去年(2000)十二月十號舉行剃度儀式,君康(真素齋)三位義工準備出家。我跟負責人果藩居士商量,「麼辦?一走三個,我們工作這麼重。」那時很想去西雅圖金峰寺拜《梁皇寶懺》,她說,「妳趁她們三個還在的時候去吧!等她們出家了,妳去就難了。」
於是我去了,拜時看懺文,覺得受苦的眾生實在太多太可憐了,感觸很多,覺得出家實在非常好。拜完懺回萬佛城「君康」工作,有人說,「早上面談的是今年要出家的,等下面談是明年要出家的。」果藩開口了,「幫果卿寫上名字!」「我沒說要出家,去談什麼?」「沒關係,那是明年的。」「好吧!好吧!」
面談時她們問,「果卿,是真的嗎?」不知怎麼我竟說,「真的、真的。」
「確定嗎?」
「確定。」
「妳來幾年了?」
「再四個月就滿八年了。」
「妳真偷懶啊!到現在還沒有出家。」
「我看禮拜天就把果卿給剃了。」
我急了,「還沒有,還沒有;我還沒跟我那孩子講,講好了再跟妳們報告。反正禮拜天才剃度嘛。」禮拜四那天我跟我大孩子講,「你畢業前我可能出家……」
「很好啊!」
「你應該可以吧?」
「可以,是妳剃不是我剃,我要護法。」
「好,你當護法最好了。」
「不是護法,我要護『頭髮』的『髮』。」他頑皮,跟我開玩笑。
剃頭後我去金聖寺受訓,學戒律和法器。我記性不好,太緊張,法器打得錯誤百出。聽經時要復講,一次中文,一次英文。

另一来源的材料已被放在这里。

Lemma pair_cover_planes n (Fam : {set 'M[F]_n}) :
  (forall w1 w2 : 'rV[F]_n, exists2 A, A \in Fam & (w1 <= A)%MS && (w2 <= A)%MS) ->
  forall W : 'M[F]_n, \rank W = 2%N -> exists2 A, A \in Fam & (W <= A)%MS.
Proof.
move=> pair_cov W rankW.
have r0 : (0 < \rank W)%N by rewrite rankW.
have r1 : (1 < \rank W)%N by rewrite rankW.
have [A A_in /andP [a0 a1]] :=
  pair_cov (row (Ordinal r0) (row_base W)) (row (Ordinal r1) (row_base W)).
exists A => //; rewrite -(eq_row_base W); apply/row_subP => i.
have : (i : nat) = 0%N \/ (i : nat) = 1%N by case: i => [[|[|?]]] /=; rewrite rankW; auto.
by case=> i_val; [rewrite (_ : i = Ordinal r0) // | rewrite (_ : i = Ordinal r1) //];
  apply: val_inj.
Qed.

Lemma bigmin_le_nat (T : finType) (P : pred T) (f : T -> nat) d x :
  P x -> (\big[minn/d]_(y | P y) f y <= f x)%N.
Proof.
move=> Px; have : x \in index_enum T by rewrite mem_index_enum.
elim: (index_enum T) => [|y s IH] //; rewrite big_cons inE.
case/orP => [/eqP <- | x_in_s]; first by rewrite Px geq_minl.
by case: (P y); rewrite ?geq_min IH ?orbT.
Qed.

Lemma le_bigmin_nat (T : finType) (P : pred T) (f : T -> nat) d b :
  (b <= d)%N -> (forall y, P y -> b <= f y)%N -> (b <= \big[minn/d]_(y | P y) f y)%N.
Proof.
move=> b_le_d b_le_f; apply: (big_ind (fun x => b <= x)%N) => // x y bx by_.
by rewrite leq_min bx by_.
Qed.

以前沒認真練習英文,只好跟法師商量,「可不可以暫時不用英文講?我年紀大,可不可以就念『阿彌陀佛』好了?」「妳這個年紀還是要練習英文。」看樣子,我還是聽話,盡力去學比較好。
最後我要講的是,想出家的人,希望你們遂心滿願;猶豫不決的,希望你們鼓起勇氣。出家非常好,讓我們學習了生死,希望大家不要畏縮,勇猛向前。阿彌陀佛!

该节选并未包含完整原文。